Surmonter une rupture ne consiste pas à aller mieux plus vite, mais à arrêter d’entretenir ce qui fait mal : le contact permanent, la relecture des conversations, l’attente d’une explication qui ne viendra pas. Les sept conseils qui suivent tiennent en trois temps, encaisser, reprendre le quotidien, se remettre en mouvement, et aucun ne demande d’avoir tourné la page.
En bref
- Ressentir de la colère et du manque en même temps est banal, pas contradictoire.
- Les gestes qui soulagent sur le moment sont souvent ceux qui rallongent le processus.
- Un chagrin qui empêche de dormir, de manger ou de travailler pendant des semaines n’est plus un chagrin ordinaire : c’est le moment de consulter.
- Le 3114, numéro national de prévention du suicide, est gratuit et joignable 24 heures sur 24.
Les premiers jours : encaisser sans s’abîmer
Cette phase ne se raccourcit pas, elle se traverse. L’objectif n’est pas de se sentir mieux mais d’éviter les décisions qu’on regrettera dans trois mois.
1. Laisser la douleur exister, à voix haute si possible
La retenir coûte plus cher qu’elle ne rapporte. Pleurer, écrire, parler à quelqu’un qui écoute sans commenter, tout ça fait partie du processus et n’a rien d’une faiblesse. Nous avons remarqué une chose en discutant avec nos proches passés par là : ceux qui ont mis des mots dessus tôt, même maladroitement, s’en sont sortis avec moins de rancune que ceux qui ont serré les dents pendant six mois.
Une précision utile : ressentir de la colère et du manque le même jour, parfois dans la même heure, n’est pas le signe qu’on se ment. C’est le fonctionnement normal d’un attachement qui se défait.

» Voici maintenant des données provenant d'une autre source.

Lemma hit_time_expE x0 : (1 <= x0 <= mu)%N -> hit_time_exp R mu x0 = (exp_hit x0)%:E.
Proof.
move=> x0_in; apply: cvg_lim => //; rewrite -2!cvg_shiftS /=.
under eq_fun do rewrite sumEFin sum_hit_ge //.
apply: cvg_EFin; first exact: nearW.
set G := exp_hit 1; set g := exp_hit x0.
apply: (@squeeze_cvgr _ _ _ _ (fun n => g - G * g * harmonic n) (fun=> g)).
- apply: nearW => n /=; rewrite gerBl residual_ge0 andbT lerB // -mulrA.
  apply: le_trans (residual_le _ _) _; rewrite ler_wpM2l ?exp_hit_ge0 //.
  exact: hit_ge_markov.
- rewrite -[X in (_ --> X)%classic](subr0 g); apply: cvgB; first exact: cvg_cst.
  by rewrite -(mulr0 (G * g)); apply: cvgM; [exact: cvg_cst | exact: cvg_harmonic].
- exact: cvg_cst.
Qed.

Lemma inv_pup_split k : (1 <= k < mu)%N ->
  inv_pup k = mu%:R / k%:R + mu%:R / (mu - k)%:R.
Proof.
move=> /andP[k_ge1 k_lt]; rewrite /inv_pup natrM natrX natrB 1?ltnW //.
have k_neq0 : k%:R != 0 :> R by rewrite pnatr_eq0 -lt0n.
have mk_neq0 : mu%:R - k%:R != 0 :> R by rewrite subr_eq0 eqr_nat; apply/eqP; lia.
by field; rewrite k_neq0 mk_neq0.
Qed.

Lemma step_time_ge i : (i < mu)%N -> mu%:R * harmonic_num R i <= step_time i.
Proof.
move=> i_lt; rewrite /step_time /harmonic_num mulr_sumr.
apply: ler_sum_nat => k /andP[k_ge1 k_le]; rewrite inv_pup_split; last by lia.
by rewrite lerDl divr_ge0 ?ler0n.
Qed.

Lemma step_time_le i : (i < mu)%N -> step_time i <= step_time mu.-1.
Proof.
move=> i_lt; rewrite /step_time prednK; last by lia.
rewrite (big_cat_nat (n := i.+1) (p := mu)) //= lerDl.
by apply: sumr_ge0 => k _; apply: inv_pup_ge0.
Qed.

Lemma step_time_last : (1 <= mu)%N -> step_time mu.-1 = 2 * mu%:R * harmonic_num R mu.-1.
Proof.
move=> mu_ge1; rewrite /step_time /harmonic_num prednK //.
under eq_big_nat => k k_in do rewrite inv_pup_split //.
rewrite big_split /= [X in _ + X]big_nat_rev /=.
rewrite [X in _ + X](eq_big_nat _ _ (F2 := fun k => mu%:R / k%:R)); last first.
  by move=> k k_in; congr (_ / _%:R); lia.
by rewrite -mulrA mulr_sumr -mulr2n mulr_natl.
Qed.

Lemma exp_hit1 : (1 <= mu)%N -> exp_hit 1 = (mu ^ 2)%:R * harmonic_num R mu.-1.
Proof.
move=> mu_ge1; rewrite /exp_hit /step_time sum_nat_triangle /harmonic_num prednK //.
rewrite mulr_sumr; apply: eq_big_nat => k /andP[k_ge1 k_lt].
rewrite -[_ *+ _]mulr_natr /inv_pup natrM natrB 1?ltnW //.
have k_neq0 : k%:R != 0 :> R by rewrite pnatr_eq0 -lt0n.
have mk_neq0 : mu%:R - k%:R != 0 :> R by rewrite subr_eq0 eqr_nat; apply/eqP; lia.
by field; rewrite k_neq0 mk_neq0.
Qed.
(* Let $\mathbf a=(a_1,\dots,a_n)$ with all $a_i\ge0$, and on $\mathfrak H^{2n+1}=\mathbb R^{2n+1}$ let $\xi_{\mathbf a}$ be the Reeb vector field of the contact form $\eta_{\mathbf a}=\big(dz-\sum_iy_idx_i\big)/\big(1+\sum_ia_i(x_i^2+y_i^2)\big)$. Then the flow of $\xi_{\mathbf a}$ generates a free proper action $\mathcal A$ of $\mathbb R$ on $\mathfrak H^{2n+1}$, and the quotient space $\mathfrak H^{2n+1}/\mathcal A(\mathbb R)$, with the complex structure induced from the transverse complex structure $J$, is biholomorphic to $\mathbb C^n$.
   Context: Coordinates on $\mathbb R^{2n+1}$ are $(x_1,\dots,x_n,y_1,\dots,y_n,z)$. The CR structure is $\mathcal D=\ker\eta_{\mathbf a}=\ker(dz-\sum_iy_idx_i)$ with $J(\partial_{y_i})=\partial_{x_i}+y_i\partial_z$, $J(\partial_{x_i}+y_i\partial_z)=-\partial_{y_i}$; $\xi_{\mathbf a}$ is determined by $\eta_{\mathbf a}(\xi_{\mathbf a})=1$, $\iota_{\xi_{\mathbf a}}d\eta_{\mathbf a}=0$, and it is an infinitesimal CR transformation, so $J$ descends to an almost complex structure on the orbit space. *)

From HB Require Import structures.
From mathcomp Require Import all_boot all_order all_algebra.
From mathcomp Require Import all_classical all_reals all_analysis.
Set Implicit Arguments. Unset Strict Implicit. Unset Printing Implicit Defensive.
Import Order.TTheory GRing.Theory Num.Theory.
Import numFieldNormedType.Exports.
Local Open Scope classical_set_scope.
Local Open Scope ring_scope.

Section Heis.
Variable R : realType.

Fixpoint Ck (m k : nat) (j : nat) (f : 'rV[R]_m -> 'rV[R]_k) : Prop :=
  match j with
  | 0 => continuous f
  | j.+1 => (forall x, differentiable f x) /\ forall v, Ck j (fun x => 'D_v f x)
  end.
Definition smooth (m k : nat) (f : 'rV[R]_m -> 'rV[R]_k) := forall j, Ck j f.

Variable n : nat.
(* H^{2n+1} = R^{2n+1}, coordinates (x_1..x_n, y_1..y_n, z) *)
Definition Hpt := 'rV[R]_(n + n + 1).
Definition xc (i : 'I_n) : 'I_(n + n + 1) := lshift 1 (lshift n i).
Definition yc (i : 'I_n) : 'I_(n + n + 1) := lshift 1 (rshift n i).
Definition zc : 'I_(n + n + 1) := rshift (n + n) (@ord0 0).
Definition cx (p : Hpt) i := p ord0 (xc i).
Definition cy (p : Hpt) i := p ord0 (yc i).
Definition cz (p : Hpt) := p ord0 zc.

Definition eta_a (a : 'I_n -> R) (p v : Hpt) : R :=
  (cz v - \sum_i cy p i * cx v i) /
  (1 + \sum_i a i * (cx p i ^+ 2 + cy p i ^+ 2)).

(* exterior derivative of the 1-form eta_a, on (constant) vectors u v *)
Definition deta_a (a : 'I_n -> R) (p u v : Hpt) : R :=
  'D_u (fun q => eta_a a q v) p - 'D_v (fun q => eta_a a q u) p.

Definition is_Reeb (a : 'I_n -> R) (xi : Hpt -> Hpt) : Prop :=
  forall p, eta_a a p (xi p) = 1 /\ forall v, deta_a a p (xi p) v = 0.

Definition inD (p v : Hpt) : Prop := cz v - \sum_i cy p i * cx v i = 0.

(* J on D_p: J(d/dy_i) = d/dx_i + y_i d/dz, J(d/dx_i + y_i d/dz) = - d/dy_i.
   For v = sum_i v_{x_i} (d/dx_i + y_i d/dz) + v_{y_i} d/dy_i in D_p,
   J v = sum_i v_{y_i} (d/dx_i + y_i d/dz) - v_{x_i} d/dy_i. *)
Definition Jmap (p v : Hpt) : Hpt :=
  row_mx (row_mx (\row_i cy v i) (\row_i (- cx v i)))
         (\row_(j < 1) \sum_i cy p i * cy v i).

(* standard complex structure on C^n = R^n (+) R^n, (u, w) <-> u + i w *)
Definition Jstd (w : 'rV[R]_(n + n)) : 'rV[R]_(n + n) :=
  row_mx (- rsubmx w) (lsubmx w).

Definition is_flow_of (xi : Hpt -> Hpt) (phi : R -> Hpt -> Hpt) : Prop :=
  (forall p, phi 0 p = p) /\
  (forall (t : R) p, is_derive (t : R^o) (1 : R^o) (fun s : R^o => phi s p) (xi (phi t p))).

Definition is_action (phi : R -> Hpt -> Hpt) : Prop :=
  (forall p, phi 0 p = p) /\ (forall s t p, phi (s + t) p = phi s (phi t p)) /\
  continuous (fun tp : R * Hpt => phi tp.1 tp.2) /\ (forall t, smooth (phi t)).

Definition free_action (phi : R -> Hpt -> Hpt) : Prop :=
  forall t p, phi t p = p -> t = 0.

Definition proper_action (phi : R -> Hpt -> Hpt) : Prop :=
  forall K : set (Hpt * Hpt), compact K ->
    compact ((fun tp : R * Hpt => (phi tp.1 tp.2, tp.2)) @^-1` K).

(* The orbit space H/A(R), with its induced complex structure, is biholomorphic
   to C^n: realised by a smooth surjective submersion pi : H -> C^n whose fibres
   are exactly the orbits, and whose differential is complex linear from (D, J)
   to (C^n, i). *)
Definition quotient_biholo_Cn (phi : R -> Hpt -> Hpt) : Prop :=
  exists pi : Hpt -> 'rV[R]_(n + n),
    [/\ smooth pi,
        (forall w, exists p, pi p = w),
        (forall p q, pi p = pi q <-> exists t, q = phi t p),
        (forall p w, exists v, 'D_v pi p = w) &
        (forall p v, inD p v -> 'D_(Jmap p v) pi p = Jstd ('D_v pi p))].

End Heis.

From HB Require Import structures.
From mathcomp Require Import all_boot all_order all_algebra.
From mathcomp Require Import all_classical all_reals all_analysis.
From mathcomp Require Import ring.
Set Implicit Arguments. Unset Strict Implicit. Unset Printing Implicit Defensive.
Import Order.TTheory GRing.Theory Num.Theory.
Import numFieldNormedType.Exports.
Local Open Scope classical_set_scope.
Local Open Scope ring_scope.

(* The Reeb equations eta_a(xi) = 1, d eta_a(xi, .) = 0 force
     xi = sum_i 2 a_i (x_i d/dy_i - y_i d/dx_i) + (1 + sum_i a_i (x_i^2 - y_i^2)) d/dz.
   Its flow rotates each plane (x_i, y_i) with angular speed 2 a_i and translates
   w = z - (sum_i x_i y_i) / 2 at unit speed; w is thus a global time function,
   which makes the action free and proper.  The map
     pi_i = e^(a_i |p|^2 / 2) e^(2 i a_i w) (x_i - i y_i)
   is constant on orbits.  It separates them: |pi_i|^2 = (x_i^2 + y_i^2) e^(a_i |p|^2)
   determines |p|^2 by monotonicity, hence each (x_i, y_i) up to the rotation by
   the flow.  It is onto by an intermediate value argument on |p|^2, and its
   differential is onto and complex linear from (D, J) to C^n by computation. *)

Lemma split_lshift m n (j : 'I_m) : fintype.split (lshift n j) = inl j.
Proof. exact: (unsplitK (inl _ j)). Qed.
Lemma split_rshift m n (k : 'I_n) : fintype.split (rshift m k) = inr k.
Proof. exact: (unsplitK (inr _ k)). Qed.

Lemma sum_mul_eq1 (R : pzSemiRingType) (I : finType) (F : I -> R) k :
  \sum_i F i * (i == k)%:R = F k.
Proof.
rewrite (bigD1 k) //= eqxx mulr1 big1 ?addr0 // => i /negbTE ->.
by rewrite mulr0.
Qed.

Lemma continuous_row (R : realType) (T : topologicalType) k (F : T -> 'rV[R]_k) :
  (forall j, continuous (fun x => F x ord0 j)) -> continuous F.
Proof.
move=> H.
have -> : F = \sum_(j < k) (fun x => F x ord0 j *: (delta_mx 0 j : 'rV[R]_k)).
  by apply: funext => x; rewrite fct_sumE [LHS]row_sum_delta.
move=> x; elim/big_ind: _ => //.
- exact: cst_continuous.
- by move=> f g hf hg; apply: continuousD.
- by move=> j _; apply: continuousZr_tmp; exact: H.
Qed.

Lemma is_derive_line (R : realType) (V W : normedModType R) (F : V -> W) x0 v (t : R) :
  derivable F (x0 + t *: v) v ->
  is_derive (t : R^o) (1 : R^o) (fun s : R^o => F (x0 + s *: v)) ('D_v F (x0 + t *: v)).
Proof.
move=> hd.
have E : (fun h : R => h^-1 *: ((fun s : R^o => F (x0 + s *: v)) (h *: (1 : R^o) + t) -
             F (x0 + t *: v))) =
         (fun h : R => h^-1 *: (F (h *: v + (x0 + t *: v)) - F (x0 + t *: v))).
  apply: funext => h /=; congr (_ *: (F _ - _)).
  by rewrite [h *: 1]mulr1 scalerDl addrCA addrC.
by split; [rewrite /derivable /= E | rewrite /derive /= E].
Qed.

Lemma continuous_bounded_on_compact (R : realType) (T : topologicalType)
    (f : T -> R) (K : set T) :
  continuous f -> compact K -> exists M : R, forall x, K x -> `|f x| <= M.
Proof.
move=> fc cK.
have /compact_bounded [M [_ HM]] : compact (f @` K).
  by apply: continuous_compact => //; apply: continuous_subspaceT => x; exact: fc.
by exists (M + 1) => x Kx; apply: (HM (M + 1)); rewrite ?ltrDl //; exists x.
Qed.

Section Rotation.
Variable R : comPzRingType.
Variables (x y C S : R).
Hypothesis CS1 : C ^+ 2 + S ^+ 2 = 1.

Lemma rotate_norm2 : (x * C - y * S) ^+ 2 + (x * S + y * C) ^+ 2 = x ^+ 2 + y ^+ 2.
Proof. by rewrite -[RHS]mulr1 -CS1; ring. Qed.

Lemma rotate_re (c s : R) :
  (x * C - y * S) * (c * C - s * S) + (x * S + y * C) * (s * C + c * S) = x * c + y * s.
Proof. by rewrite -[RHS]mulr1 -CS1; ring. Qed.

Lemma rotate_im (c s : R) :
  (x * C - y * S) * (s * C + c * S) - (x * S + y * C) * (c * C - s * S) = x * s - y * c.
Proof. by rewrite -[RHS]mulr1 -CS1; ring. Qed.

End Rotation.

Lemma rotate_back (R : realType) (x y x' y' al al' : R) :
  x * cos al + y * sin al = x' * cos al' + y' * sin al' ->
  x * sin al - y * cos al = x' * sin al' - y' * cos al' ->
  x' = x * cos (al' - al) - y * sin (al' - al) /\
  y' = x * sin (al' - al) + y * cos (al' - al).
Proof.
move=> hre him; have hcs := cos2Dsin2 al'; rewrite cosB sinB.
split; [rewrite -[x']mulr1 -hcs | rewrite -[y']mulr1 -hcs].
- transitivity ((x' * cos al' + y' * sin al') * cos al'
                + (x' * sin al' - y' * cos al') * sin al'); first by ring.
  by rewrite -hre -him; ring.
- transitivity ((x' * cos al' + y' * sin al') * sin al'
                - (x' * sin al' - y' * cos al') * cos al'); first by ring.
  by rewrite -hre -him; ring.
Qed.

Lemma exists_fixpoint_sum_expR (R : realType) k (b c : 'I_k -> R) :
  (forall i, 0 <= b i) -> (forall i, 0 <= c i) ->
  exists S : R, S = \sum_i c i * expR (- (b i * S)).
Proof.
move=> b_ge0 c_ge0; pose f S := S - \sum_i c i * expR (- (b i * S)).
have fc : continuous f.
  move=> x; apply: continuousB; first exact: cvg_id.
  have -> : (fun S : R => \sum_i c i * expR (- (b i * S))) =
      \sum_i (fun S : R => c i * expR (- (b i * S))) by rewrite fct_sumE.
  elim/big_ind: _ => [|g h hg hh|i _]; first exact: cst_continuous.
    exact: continuousD.
  apply: continuousM; first exact: cst_continuous.
  apply: continuous_comp; last exact: continuous_expR.
  by apply/continuousN/continuousM; [exact: cst_continuous | exact: cvg_id].
have C0 : 0 <= \sum_i c i by apply: sumr_ge0.
have f0 : f 0 <= 0.
  by rewrite /f sub0r oppr_le0; apply: sumr_ge0 => i _; rewrite mulr_ge0 ?expR_ge0.
have fC : 0 <= f (\sum_i c i).
  rewrite /f subr_ge0; apply: ler_sum => i _; apply: ler_piMr => //.
  by rewrite expR_le1 oppr_le0 mulr_ge0.
have [S _ /eqP] := @IVT R f 0 (\sum_i c i) 0 C0
  (continuous_subspaceT (fun x => fc x)) (ltac:(by rewrite ge_min f0 le_max fC orbT)).
by rewrite subr_eq0 => /eqP; exists S.
Qed.

(* Smoothness is obtained by reflection: the maps below are evaluations of
   terms of a small expression language that is closed under directional
   derivatives, so every iterated derivative exists and is again such a map. *)
Section SmoothExpr.
Variables (R : realType) (m : nat).
Local Notation V := 'rV[R]_m.

Inductive sexpr : Type :=
| SConst of R | SCoord of 'I_m | SAdd of sexpr & sexpr | SMul of sexpr & sexpr
| SSin of sexpr | SCos of sexpr | SExp of sexpr | SSum (k : nat) of ('I_k -> sexpr).

Fixpoint seval (e : sexpr) (x : V) : R :=
  match e with
  | SConst c => c
  | SCoord i => x ord0 i
  | SAdd e1 e2 => seval e1 x + seval e2 x
  | SMul e1 e2 => seval e1 x * seval e2 x
  | SSin e => sin (seval e x)
  | SCos e => cos (seval e x)
  | SExp e => expR (seval e x)
  | SSum k F => \sum_(i < k) seval (F i) x
  end.

Fixpoint sderiv (v : V) (e : sexpr) : sexpr :=
  match e with
  | SConst _ => SConst 0
  | SCoord i => SConst (v ord0 i)
  | SAdd e1 e2 => SAdd (sderiv v e1) (sderiv v e2)
  | SMul e1 e2 => SAdd (SMul (sderiv v e1) e2) (SMul e1 (sderiv v e2))
  | SSin e => SMul (SCos e) (sderiv v e)
  | SCos e => SMul (SConst (-1)) (SMul (SSin e) (sderiv v e))
  | SExp e => SMul (SExp e) (sderiv v e)
  | SSum k F => SSum (fun i => sderiv v (F i))
  end.

Lemma derive_comp_scalar (g : R -> R) (f : V -> R) x v (dg : R) :
  differentiable f x -> is_derive (f x) 1 g dg ->
  differentiable (g \o f) x /\ 'D_v (g \o f) x = 'D_v f x * dg.
Proof.
move=> df hg.
have dgd : differentiable g (f x) by apply/derivable1_diffP; case: hg.
have dc : differentiable (g \o f) x by apply: differentiable_comp.
split => //.
rewrite deriveE // diff_comp // /= deriv1E //.
by rewrite derive1E (@derive_val _ _ _ _ _ _ _ hg) /= deriveE.
Qed.

Lemma seval_diff_derive e x :
  differentiable (seval e) x /\ forall v, 'D_v (seval e) x = seval (sderiv v e) x.
Proof.
elim: e x => /=.
- move=> c x; split; [exact: differentiable_cst | move=> v; exact: derive_cst].
- move=> i x; split; first exact: differentiable_coord.
  move=> v; have := congr1 (fun M : V => M ord0 i) (derive_mx (@derivable_id _ _ x v)).
  by rewrite /= mxE derive_id => <-.
- move=> e1 IH1 e2 IH2 x; have [d1 D1] := IH1 x; have [d2 D2] := IH2 x.
  rewrite -[fun x => _ + _]/(seval e1 + seval e2).
  split; first exact: differentiableD.
  by move=> v; rewrite deriveD ?D1 ?D2 //; exact: diff_derivable.
- move=> e1 IH1 e2 IH2 x; have [d1 D1] := IH1 x; have [d2 D2] := IH2 x.
  rewrite -[fun x => _ * _]/(seval e1 * seval e2).
  split; first exact: differentiableM.
  move=> v; rewrite deriveM ?D1 ?D2 /=; try exact: diff_derivable.
  by rewrite /GRing.scale /= addrC [seval e2 x * _]mulrC.
- move=> e IH x; have [d D] := IH x.
  have := derive_comp_scalar _ d (is_derive_sin (seval e x)).
  move=> H; split; first exact: (H 0).1.
  by move=> v; rewrite -[fun x => _]/(sin \o seval e) (H v).2 D mulrC.
- move=> e IH x; have [d D] := IH x.
  have := derive_comp_scalar _ d (is_derive_cos (seval e x)).
  move=> H; split; first exact: (H 0).1.
  by move=> v; rewrite -[fun x => _]/(cos \o seval e) (H v).2 D /=; ring.
- move=> e IH x; have [d D] := IH x.
  have := derive_comp_scalar _ d (is_derive_expR (seval e x)).
  move=> H; split; first exact: (H 0).1.
  by move=> v; rewrite -[fun x => _]/(expR \o seval e) (H v).2 D mulrC.
- move=> k F IH x.
  have -> : (fun x => \sum_(i < k) seval (F i) x) = \sum_(i < k) seval (F i).
    by apply: funext => y; rewrite fct_sumE.
  split; first by apply: differentiable_sum => i; exact: (IH i x).1.
  move=> v; rewrite derive_sum; last by move=> i; exact/diff_derivable/(IH i x).1.
  by apply: eq_bigr => i _; exact: (IH i x).2.
Qed.
(* Let $\phi_1,\dots,\phi_n:\mathbb{R}^d\to\mathbb{R}$ be differentiable and let $P(w)=\frac1n\sum_{i=1}^n\phi_i(w)$. Suppose $P$ is $H$-strongly convex with $H>0$ and $(1/\gamma)$-smooth, and let $w^*$ be a minimizer of $P$. Run the stratified-sampling minibatch SGD algorithm described in the context with constant step size $\eta_t=\eta\in\big(0,\frac{2}{H+1/\gamma}\big]$. Let $\alpha(\eta)=1-\frac{2\eta H/\gamma}{H+1/\gamma}$. Then $\alpha(\eta)\in\big[\big(\frac{H-1/\gamma}{H+1/\gamma}\big)^2,1\big)$, and for every $T\ge1$, $$\mathbb{E}P(w_{T+1})-P(w^* )\le\frac{\alpha(\eta)^T}{2\gamma}\|w^*\|^2+\frac{\eta^2}{2\gamma}\sum_{t=1}^T\alpha(\eta)^{T-t}\,\mathbb{E}V_t,$$ where $V_t$ is the variance of the stochastic gradient $g_t$ defined in the context.
   Context: $\|\cdot\|$ denotes the Euclidean norm. A differentiable $\phi:\mathbb{R}^d\to\mathbb{R}$ is $H$-strongly convex ($H\ge0$) if $\phi(u)\ge\phi(v)+\nabla\phi(v)^\top(u-v)+\frac H2\|u-v\|^2$ for all $u,v$, and $(1/\gamma)$-smooth ($\gamma>0$) if $\phi(u)\le\phi(v)+\nabla\phi(v)^\top(u-v)+\frac1{2\gamma}\|u-v\|^2$ for all $u,v$. Algorithm (SGD with stratified sampling): start with $w_1=0$. At each step $t=1,2,\dots$, a partition of $[n]=\{1,\dots,n\}$ into nonempty disjoint sets $C_1^t,\dots,C_k^t$ with $|C_i^t|=n_i^t$, and positive integers $b_1^t,\dots,b_k^t$, are chosen (possibly depending on the past, but before the step-$t$ sampling). Then, independently across $i$ and of the past given these choices, for each $i$ a multiset $B_i^t$ of $b_i^t$ indices is drawn i.i.d. uniformly (with replacement) from $C_i^t$. Set $g_t=\frac1n\sum_{i=1}^k\frac{n_i^t}{b_i^t}\sum_{s\in B_i^t}\nabla\phi_s(w_t)$ and $w_{t+1}=w_t-\eta_t g_t$. The variance is $V_t=\mathbb{E}\big[\|g_t-\nabla P(w_t)\|^2\,\big|\,\text{past}\big]$ (note $\mathbb{E}[g_t\mid\text{past}]=\nabla P(w_t)$). *)

From HB Require Import structures.
From mathcomp Require Import all_boot all_order all_algebra.
From mathcomp Require Import all_classical all_reals all_analysis.
Set Implicit Arguments. Unset Strict Implicit. Unset Printing Implicit Defensive.
Import Order.TTheory GRing.Theory Num.Theory.
Import numFieldNormedType.Exports.
Local Open Scope ring_scope.

Section Defs.
Variables (R : realType) (d n : nat).

Definition dotv (u v : 'rV[R]_d) : R := \sum_(j < d) u 0 j * v 0 j.
Definition sqnorm (u : 'rV[R]_d) : R := dotv u u.

Definition has_gradient (f : 'rV[R]_d -> R) (gf : 'rV[R]_d -> 'rV[R]_d) :=
  forall w, differentiable f w /\ forall h, 'd f w h = dotv (gf w) h.

Definition Pobj (phi : 'I_n -> 'rV[R]_d -> R) (w : 'rV[R]_d) : R :=
  n%:R^-1 * \sum_(i < n) phi i w.
Definition gradP (gphi : 'I_n -> 'rV[R]_d -> 'rV[R]_d) (w : 'rV[R]_d) : 'rV[R]_d :=
  n%:R^-1 *: \sum_(i < n) gphi i w.

Definition strongly_convex (H : R) (f : 'rV[R]_d -> R) (gf : 'rV[R]_d -> 'rV[R]_d) :=
  forall u v, f v + dotv (gf v) (u - v) + H / 2 * sqnorm (u - v) <= f u.
Definition smooth (gam : R) (f : 'rV[R]_d -> R) (gf : 'rV[R]_d -> 'rV[R]_d) :=
  forall u v, f u <= f v + dotv (gf v) (u - v) + 1 / (2 * gam) * sqnorm (u - v).

(* A choice at step t: the list of pairs (C_i^t, b_i^t), i = 1..k. *)
Definition choice_t := seq (finset.set_type 'I_n * nat).
(* Realized sample at step t: for each block i, the sequence B_i^t of drawn indices. *)
Definition sample_t := seq (seq 'I_n).

Definition valid_choice (ch : choice_t) : bool :=
  all (fun p : finset.set_type 'I_n * nat => (0 < #|p.1|)%N && (0 < p.2)%N) ch &&
  [forall x : 'I_n, count (fun p : finset.set_type 'I_n * nat => x \in p.1) ch == 1%N].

2. Couper le fil, au moins provisoirement
C’est le conseil le plus difficile à appliquer et le seul qui produise un effet mesurable en quelques semaines. Tant que les messages continuent, tant qu’on regarde les stories, tant qu’on relit les conversations à deux heures du matin, la plaie se rouvre chaque jour.
Ce n’est pas une punition infligée à l’autre, c’est une mesure de protection. Le contact peut revenir plus tard, dans un autre cadre, une fois que le manque ne dicte plus les messages. Quand une garde d’enfants ou un logement commun rend la coupure impossible, on réduit le sujet des échanges à l’organisation, sans commentaire sur le reste.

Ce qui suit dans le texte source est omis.